I don't often -- ok, ever -- have the time anymore to go to conferences
that I'm not speaking at. But the significance of this subject, and the
prominence of the speakers, were too much for me to resist. And so at
the crack of dawn, I scrambled to a 6 AM shuttle to make the 8 AM
meeting in Midtown.
Everyone recognizes that our nation is in a financial mess. Too few
see that this mess is not simply the ordinary downs of a regular
business cycle. The American financial system walked the American
economy off a cliff. Large players took catastrophic risk. They were
allowed to take this risk because of a series of fundamental regulatory
mistakes; they were encouraged to take it by the implicit, sometimes
explicit promise, that failure would be bailed out. The gamble was
obvious and it worked. The suckers were us. They got the upside. We got
the bill.
So in coming to this meeting of some of the very best in the field
-- from Elizabeth Warren to George Soros -- I was keen to hear just
what the strategy was to restore us to some sort of financial sanity.

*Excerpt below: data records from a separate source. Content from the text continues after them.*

(* Assume Assumption 1, Assumption 2 and the null hypothesis $H_0:\ T_i(1)=T_i(0)$ for all $i$, and condition on $\boldsymbol{T}(1),\boldsymbol{T}(0)$. Then $$\mathbb{E}\{U\mid\boldsymbol{T}(1),\boldsymbol{T}(0)\}\ \ge\ p_1p_0\Big(\frac{n}{\tilde d+1}\cdot\frac1n\sum_{i=1}^n\tilde G(T_i(0))-1\Big)=p_1p_0\Big(\frac{n\tilde g}{\tilde d+1}-1\Big).$$
   Context: There are $n$ units. Unit $i$ has potential event times $T_i(1),T_i(0)\ge 0$, potential censoring times $C_i(1),C_i(0)\in[0,\infty]$, and treatment indicator $Z_i\in\{0,1\}$; bold letters denote $n$-vectors. Assumption 1: conditional on $\boldsymbol{T}(1),\boldsymbol{T}(0),\boldsymbol{C}(1),\boldsymbol{C}(0)$, the $Z_i$ are i.i.d. Bernoulli$(p_1)$, $p_1=1-p_0\in(0,1)$. Assumption 2: $(\boldsymbol{C}(1),\boldsymbol{C}(0))$ is independent of $(\boldsymbol{T}(1),\boldsymbol{T}(0))$ and the pairs $(C_i(1),C_i(0))$ are i.i.d. across $i$. $G_z(c)=\Pr(C_i(z)\ge c)$, $\tilde G(t)=G_1(t)G_0(t)$. Realized: $W_i=\min\{T_i,C_i\}$, $\Delta_i=\mathbb{1}(T_i\le C_i)$ with $T_i=Z_iT_i(1)+(1-Z_i)T_i(0)$, $C_i=Z_iC_i(1)+(1-Z_i)C_i(0)$. Let $t_1<\dots<t_K$ be the distinct values of $\{T_i(0)\}$, $d_k=\#\{i:T_i(0)=t_k\}$, $\tilde d=\max_kd_k$, $\tilde g=n^{-1}\sum_i\tilde G(T_i(0))$. For $1\le k\le K$: $N_{1k},N_{0k}$ the numbers of treated / control units with $W_i\ge t_k$, $N_k=N_{1k}+N_{0k}$, $D_k=\sum_i\Delta_i\mathbb{1}(W_i=t_k)$, $V_k=D_k(N_k-D_k)N_{1k}N_{0k}/\{N_k^2(N_k-1)\}$ (convention $0/0:=0$), $U=\sum_{k=1}^KV_k$. *)

From HB Require Import structures.
From mathcomp Require Import all_boot all_order all_algebra.
From mathcomp Require Import all_classical all_reals all_analysis.
From mathcomp Require Import measurable_realfun lebesgue_measure lebesgue_integral.
Set Implicit Arguments. Unset Strict Implicit. Unset Printing Implicit Defensive.
Import Order.TTheory GRing.Theory Num.Theory.
Local Open Scope ring_scope.
Local Open Scope classical_set_scope.

(* The log-rank variance statistic U = \sum_k V_k, as a function of the
   (fixed) potential event times T1 T0, the realized treatment vector z and
   the realized potential censoring times c1 c0 (values in [0, +oo]). *)
Definition logrank_U (R : realType) (n : nat) (T1 T0 : 'I_n -> R)
    (z : 'I_n -> bool) (c1 c0 : 'I_n -> \bar R) : R :=
  let T i := if z i then T1 i else T0 i in
  let C i := if z i then c1 i else c0 i in
  let W i := Order.min ((T i)%:E) (C i) in
  let Dl i := ((T i)%:E <= C i)%E in
  \sum_(tk <- undup [seq T0 i | i <- enum 'I_n])
    (let N1 : R := (#|[set i | z i && (tk%:E <= W i)%E]|)%:R in
     let N0 : R := (#|[set i | ~~ z i && (tk%:E <= W i)%E]|)%:R in
     let N := N1 + N0 in
     let D : R := (#|[set i | Dl i && (W i == tk%:E)]|)%:R in
     (* division by 0 yields 0 in MathComp, matching the convention 0/0 := 0 *)
     D * (N - D) * N1 * N0 / (N ^+ 2 * (N - 1))).

(* G_z(c) = Pr(C_i(z) >= c), where mu is the common law of (C_i(1), C_i(0)). *)
Definition Gcens (R : realType) (mu : probability (\bar R * \bar R)%type R)
    (z : bool) (c : R) : R :=
  fine (mu [set p | (c%:E <= (if z then p.1 else p.2))%E]).

Definition Gtilde (R : realType) (mu : probability (\bar R * \bar R)%type R)
    (c : R) : R := Gcens mu true c * Gcens mu false c.

Definition dtilde (R : realType) (n : nat) (T0 : 'I_n -> R) : nat :=
  \max_(i < n) #|[set j | T0 j == T0 i]|.

Definition gtilde (R : realType) (n : nat) (mu : probability (\bar R * \bar R)%type R)
    (T0 : 'I_n -> R) : R :=
  n%:R^-1 * \sum_(i < n) Gtilde mu (T0 i).

(* Under H0 the event times are fixed, so at a distinct time t the term V_t
   depends on the randomness only through the treatment labels b_i = Z_i and
   the indicators e_i = [t <= C_i] of not being censored before t, and the
   pairs (b_i, e_i) are i.i.d.  Given e, the labels of the N units at risk are
   i.i.d., equal to x with probability k_x, so E[N_1 N_0 | e] = k_1 k_0 (N^2 - N)
   and E[V_t | e] = k_1 k_0 D (N - D)/N.
   If some unit j has T_j(0) > t, then j is at risk but does not fail at t
   whenever e_j = 1, hence D (N - D)/N >= D e_j/(d~ + 1); averaging over e gives
   E[V_t] >= p_1 p_0 G~(t) d_t/(d~ + 1).  Summing over t gives
   p_1 p_0 n g~/(d~ + 1), up to the largest time, whose missing term is at most
   p_1 p_0. *)

From HB Require Import structures.
From mathcomp Require Import all_boot all_order all_algebra.
From mathcomp Require Import all_classical all_reals all_analysis.
From mathcomp Require Import measurable_realfun lebesgue_measure lebesgue_integral.
From mathcomp Require Import ring lra.
Import Order.TTheory GRing.Theory Num.Theory.
Set Implicit Arguments. Unset Strict Implicit. Unset Printing Implicit Defensive.
Local Open Scope ring_scope.
(* Let $(\mathbf{H},m,\Delta)$ be a commutative and cocommutative (connected) set Hopf monoid, with each $\mathbf{H}[I]$ equipped with the reassembly partial order $\le_r$ (so that $\mathbf{H}$ is a self-adjoint poset Hopf monoid). Let $I=S\sqcup T$, $x\in\mathbf{H}[S]$ and $y\in\mathbf{H}[T]$. Then $\omega_x\cdot\omega_y=\omega_{x\cdot y}$ in $\mathbf{k}\mathbf{H}[I]$, where $x\cdot y=m_{S,T}(x,y)$ and, for $z\in\mathbf{H}[J]$, $\omega_z=\sum_{z\le_r w}\mu(z,w)\,w$ with $\mu$ the Möbius function of $(\mathbf{H}[J],\le_r)$.
   Context: $\mathbf{k}$ is a field of characteristic $0$. A (connected) set species $\mathbf{H}$ assigns to each finite set $I$ a finite set $\mathbf{H}[I]$, $\mathbf{H}[\emptyset]=\{1\}$, and bijections functorially to bijections. A set Hopf monoid has maps $m_{S,T}:\mathbf{H}[S]\times\mathbf{H}[T]\to\mathbf{H}[S\sqcup T]$ (natural, associative, unital) and $\Delta_{S,T}:\mathbf{H}[S\sqcup T]\to\mathbf{H}[S]\times\mathbf{H}[T]$ (natural, coassociative, counital), satisfying compatibility: for $I=S_1\sqcup S_2=T_1\sqcup T_2$, $A=S_1\cap T_1$, $B=S_1\cap T_2$, $C=S_2\cap T_1$, $D=S_2\cap T_2$, if $\Delta_{A,B}(x)=(x_A,x_B)$, $\Delta_{C,D}(y)=(y_C,y_D)$ then $\Delta_{T_1,T_2}(m_{S_1,S_2}(x,y))=(m_{A,C}(x_A,y_C),m_{B,D}(x_B,y_D))$. Commutative: $m_{S,T}(x,y)=m_{T,S}(y,x)$; cocommutative: $\Delta_{S,T}(x)=(y,z)\iff\Delta_{T,S}(x)=(z,y)$. Reassembly order: $x\le_r y$ in $\mathbf{H}[I]$ iff $y=m_{S_1,\dots,S_k}\circ\Delta_{S_1,\dots,S_k}(x)$ for some set partition $S_1\sqcup\dots\sqcup S_k=I$ (iterated maps via (co)associativity); for commutative cocommutative $\mathbf{H}$ this is a partial order. $\mathbf{k}\mathbf{H}[I]$ is the vector space with basis $\mathbf{H}[I]$, multiplication extended bilinearly. *)

From HB Require Import structures.
From mathcomp Require Import all_boot all_order fingroup perm all_algebra.
Set Implicit Arguments. Unset Strict Implicit. Unset Printing Implicit Defensive.
Import GRing.Theory.
Local Open Scope ring_scope.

How could we avoid it again? Yet through the course of the morning, I
was struck by two very different and very depressing points.
The first is that things are actually much worse than anyone ever
talks about. The pivot points of our financial system -- the
infrastructure that lets free markets produce real wealth -- have
become profoundly corrupted. Balance sheets are "fictions," as
Professor Frank Partnoy put it. Trillions of dollars in liability hide
behind these fictions. And as expert after expert demonstrated,
practically every one of the design flaws that led to the collapse of
the past few years remains essentially unchanged within our financial
system still. That bubble burst, but we can already see the soaring
profits of the same firms that sucked billions in taxpayer funds. The
cycle has started again.
But the second point was even worse. Expert after expert spoke as if
the problems we faced were simple math errors. As if regulators had
just miscalculated, like a pilot who accidentally overshoots the run
way, or an engineer who mis-estimates the weight of cargo on a plane.
And so, because these were mere errors, people spoke as if these errors
could be corrected by a bunch of good ideas. The morning was filled
with good ideas. An angry earnestness was the tone of the day.
There were exceptions. The increasingly prominent folk-hero for the
middle class, Elizabeth Warren, tied the endless list of problems to
the endless power of "the banking lobby." But that framing was rare.
Again and again, we were led back to a frame of bad policies that smart
souls could correct. At least if "the people" could be educated enough
to demand that politicians do something sensible.
This is a profound denial. The gambling on Wall Street was not
caused by the equivalent of errors in arithmetic. It was caused by a
corruption of the system by which we regulate those markets. No true
theorist of free markets -- and certainly none of the heroes of even
the libertarian right -- believe that infrastructure markets like
financial systems can be left free of any regulation, including the
regulation of rules against fraud. Yet that ignorant anarchy was the
precise rule that governed a large part of our financial system. And
not by accident: An enormous amount of political influence was brought
to bear on the regulators of these core institutions of a free market
to get them to turn a blind eye to Wall Street's "innovations." People
who should have known better yielded to this political pressure. Smart
people did stupid things because "the politics" of doing right was
impossible.
Why? Why was their no political return from sensible policy? The
answer is so obvious that one feels stupid to even remark it.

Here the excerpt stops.